--- Data for this task ---
Definition prefix {n} (k : nat) : {set 'I_n} := [set j : 'I_n | (j < k)%N].

Lemma setI_prefixS n (B : {set 'I_n}) (i : 'I_n) :
  B :&: prefix i.+1 = if i \in B then B :&: prefix i :|: [set i] else B :&: prefix i.
Proof.
case: ifP => iB; apply/setP => j; rewrite !inE ltnS leq_eqVlt -[(j == i :> nat)]/(j == i);
  by case: (j =P i) => [->|/eqP/negbTE ji]; rewrite ?iB ?ltnn ?ji /= ?orbF.
Qed.

Section Erasure.
Context {R : realType} {n : nat} (PX : {ffun 'I_n -> bool} -> R).
Hypothesis PX_ge0 : forall x, 0 <= PX x.
Let increment (A T : {set 'I_n}) (i : nat) :=
  Hcond PX (A :&: prefix i.+1) T - Hcond PX (A :&: prefix i) T.

Lemma Hcond_telescope (A T : {set 'I_n}) : Hcond PX A T = \sum_(i < n) increment A T i.
Proof.
rewrite -(big_mkord xpredT (increment A T)) telescope_sumr //.
have -> : A :&: prefix n = A by apply/setP => j; rewrite !inE ltn_ord andbT.
have -> : A :&: prefix 0 = set0 by apply/setP => j; rewrite !inE ltn0 andbF.
by rewrite /Hcond set0U subrr subr0.
Qed.

Lemma increment_setI (A T E : {set 'I_n}) (i : 'I_n) :
  (i \in E)%:R * increment A T i <= increment (A :&: E) T i.
Proof.
rewrite /increment !setI_prefixS inE.
case: (boolP (i \in A)) => iA; case: (boolP (i \in E)) => iE /=;
  rewrite ?mul0r ?subrr ?mulr0 //.
rewrite mul1r; apply: Hcond_increment_antitone => //.
by apply/subsetP => j; rewrite !inE => /andP[/andP[-> _] ->].
Qed.

Lemma Hcond_erasure (r : R) (A T : {set 'I_n}) : 0 <= r <= 1 ->
  r * Hcond PX A T <= \sum_e iid (bern r) e * Hcond PX (A :&: [set t | e t]) T.
Proof.
move=> /andP[r0 r1].
have bern_ge0 b : 0 <= bern r b by rewrite /bern; case: b; lra.
have coord_mean (i : 'I_n) :
    \sum_(e : {ffun 'I_n -> bool}) iid (bern r) e * (i \in [set t | e t])%:R = r.
  under eq_bigr do rewrite inE.
  by rewrite (sum_iid_marginal (bern r) (fun b => b%:R)) ?sum_bern // big_bool /= mulr1 mulr0 addr0.
rewrite Hcond_telescope mulr_sumr.
under [leRHS]eq_bigr do rewrite Hcond_telescope mulr_sumr.
rewrite exchange_big /=; apply: ler_sum => i _.
rewrite -[r in leLHS](coord_mean i) mulr_suml; apply: ler_sum => e _.
by rewrite -mulrA ler_wpM2l ?iid_ge0 ?increment_setI.
Qed.

End Erasure.

Definition gainset {n} (Gi : gain -> bool) (g : {ffun 'I_n -> gain}) : {set 'I_n} :=
  [set t | Gi (g t)].

Lemma Yn_restr n Gi (w : omega n) : Yn Gi w = restr (gainset Gi w.2) w.1.
Proof. by apply/ffunP => t; rewrite !ffunE inE. Qed.

Section Decomposition.
Context {R : realType} {n : nat} (PX : {ffun 'I_n -> bool} -> R) (q : gain -> R).
Hypotheses (PX_ge0 : forall x, 0 <= PX x) (PX_sum1 : \sum_x PX x = 1)
           (q_ge0 : forall g, 0 <= q g).

Lemma cellP_jointP (S : {ffun 'I_n -> gain} -> {set 'I_n}) x g :
  cellP (jointP PX q) (fun w : omega n => (restr (S w.2) w.1, w.2)) (x, g) =
  iid q g * cellP PX (restr (S g)) x.
Proof.
rewrite /cellP /prob -(pair_big_dep xpredT
  (fun x' g' => (restr (S g') x', g') == (restr (S g) x, g)) (fun x' g' => PX x' * iid q g')).
rewrite /= mulr_sumr.
rewrite [RHS]big_mkcond; apply: eq_bigr => x' _.
rewrite big_mkcond (bigD1 g) //= big1 ?addr0 => [|g' /negbTE neq]; last first.
  by rewrite xpair_eqE neq andbF.
by rewrite xpair_eqE eqxx andbT mulrC.
Qed.

Lemma ent_jointP (S : {ffun 'I_n -> gain} -> {set 'I_n}) :
  ent (jointP PX q) (fun w : omega n => (restr (S w.2) w.1, w.2)) =
  ent (iid q) (@id {ffun 'I_n -> gain}) + \sum_g iid q g * Hset PX (S g).
Proof.
have cell_iid g : cellP (iid q) (@id {ffun 'I_n -> gain}) g = iid q g.
  by rewrite /cellP /prob big_pred1_eq.
rewrite /ent (eq_bigr (fun w : omega n => PX w.1 * iid q w.2 *
  (ln (iid q w.2) + ln (cellP PX (restr (S w.2)) w.1)))) => [|[x g] _]; last first.
  rewrite cellP_jointP /jointP /= -/(iid q g).
  have [->|PX0] := eqVneq (PX x) 0; first by rewrite !mul0r.
  have [->|Q0] := eqVneq (iid q g) 0; first by rewrite mulr0 !mul0r.
  have Q_pos : iid q g \is Num.pos by rewrite posrE lt_def Q0 iid_ge0.
  by rewrite lnM // posrE cellP_gt0 // lt_def PX0 PX_ge0.
rewrite -(pair_bigA _ (fun x g => PX x * iid q g *
  (ln (iid q g) + ln (cellP PX (restr (S g)) x)))) /= exchange_big /=.
rewrite (eq_bigr (fun g => iid q g * ln (iid q g) +
  iid q g * \sum_x PX x * ln (cellP PX (restr (S g)) x))) => [|g _]; last first.
  rewrite -[iid q g * ln (iid q g)]mulr1 -PX_sum1 !mulr_sumr -big_split /=.
  by apply: eq_bigr => x _; ring.
rewrite big_split opprD /=; congr (_ + _).
  by congr (- _); apply: eq_bigr => g _; rewrite cell_iid.
by rewrite -sumrN; apply: eq_bigr => g _; rewrite /Hset /ent mulrN.
Qed.

Lemma condEnt_Yn Gi : condEnt (jointP PX q) (Yn Gi) (@condVar n) =
  \sum_g iid q g * Hcond PX (gainset Gi g) (gainset G3 g).
Proof.
have J_ge0 w : 0 <= jointP PX q w by rewrite mulr_ge0 ?iid_ge0.
rewrite condEnt_chain //.
rewrite (eq_ent _ _ (fun w : omega n => (restr (gainset Gi w.2 :|: gainset G3 w.2) w.1, w.2)));
  last first.
  move=> v w /=; rewrite /condVar !Yn_restr !xpair_eqE.
  by case: (v.2 =P w.2) => [->|]; rewrite ?andbF ?andbT ?restrU_eqE.
rewrite (eq_ent _ (@condVar n) (fun w : omega n => (restr (gainset G3 w.2) w.1, w.2))); last first.
  by move=> v w; rewrite /condVar !Yn_restr.
rewrite (ent_jointP (fun g => gainset Gi g :|: gainset G3 g)) (ent_jointP (gainset G3)).
rewrite opprD addrACA subrr add0r -sumrB.
by apply: eq_bigr => g _; rewrite mulrBr.
Qed.

End Decomposition.

Lemma sum_by_value {R : comNzRingType} {I K : finType}
  (w : I -> R) (h : I -> K) (F : K -> R) :
  \sum_i w i * F (h i) = \sum_k F k * \sum_(i | h i == k) w i.
Proof.
rewrite (partition_big h xpredT) //; apply: eq_bigr => k _.
by rewrite mulr_sumr; apply: eq_bigr => i /eqP <-; rewrite mulrC.
Qed.

Lemma pair_set_eqE n (P1 P2 : pred 'I_n) (A T : {set 'I_n}) :
  (([set t | P1 t], [set t | P2 t]) == (A, T)) =
  [forall t, (P1 t == (t \in A)) && (P2 t == (t \in T))].
Proof.
rewrite xpair_eqE; apply/andP/forallP => [[/eqP <- /eqP <-] t|PAT]; first by rewrite !inE !eqxx.
by split; apply/eqP/setP => t; have /andP[/eqP P1t /eqP P2t] := PAT t; rewrite inE ?P1t ?P2t.
Qed.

--- Instructions to follow ---
Above are the entries. Copy exactly the part that opens with the line containing "rewrite -[iid q" and closes with the line containing "rewrite (ent_jointP (fun", and no more.

--- Solved exercise ---
  rewrite -[iid q g * ln (iid q g)]mulr1 -PX_sum1 !mulr_sumr -big_split /=.
  by apply: eq_bigr => x _; ring.
rewrite big_split opprD /=; congr (_ + _).
  by congr (- _); apply: eq_bigr => g _; rewrite cell_iid.
by rewrite -sumrN; apply: eq_bigr => g _; rewrite /Hset /ent mulrN.
Qed.

Lemma condEnt_Yn Gi : condEnt (jointP PX q) (Yn Gi) (@condVar n) =
  \sum_g iid q g * Hcond PX (gainset Gi g) (gainset G3 g).
Proof.
have J_ge0 w : 0 <= jointP PX q w by rewrite mulr_ge0 ?iid_ge0.
rewrite condEnt_chain //.
rewrite (eq_ent _ _ (fun w : omega n => (restr (gainset Gi w.2 :|: gainset G3 w.2) w.1, w.2)));
  last first.
  move=> v w /=; rewrite /condVar !Yn_restr !xpair_eqE.
  by case: (v.2 =P w.2) => [->|]; rewrite ?andbF ?andbT ?restrU_eqE.
rewrite (eq_ent _ (@condVar n) (fun w : omega n => (restr (gainset G3 w.2) w.1, w.2))); last first.
  by move=> v w; rewrite /condVar !Yn_restr.
rewrite (ent_jointP (fun g => gainset Gi g :|: gainset G3 g)) (ent_jointP (gainset G3)).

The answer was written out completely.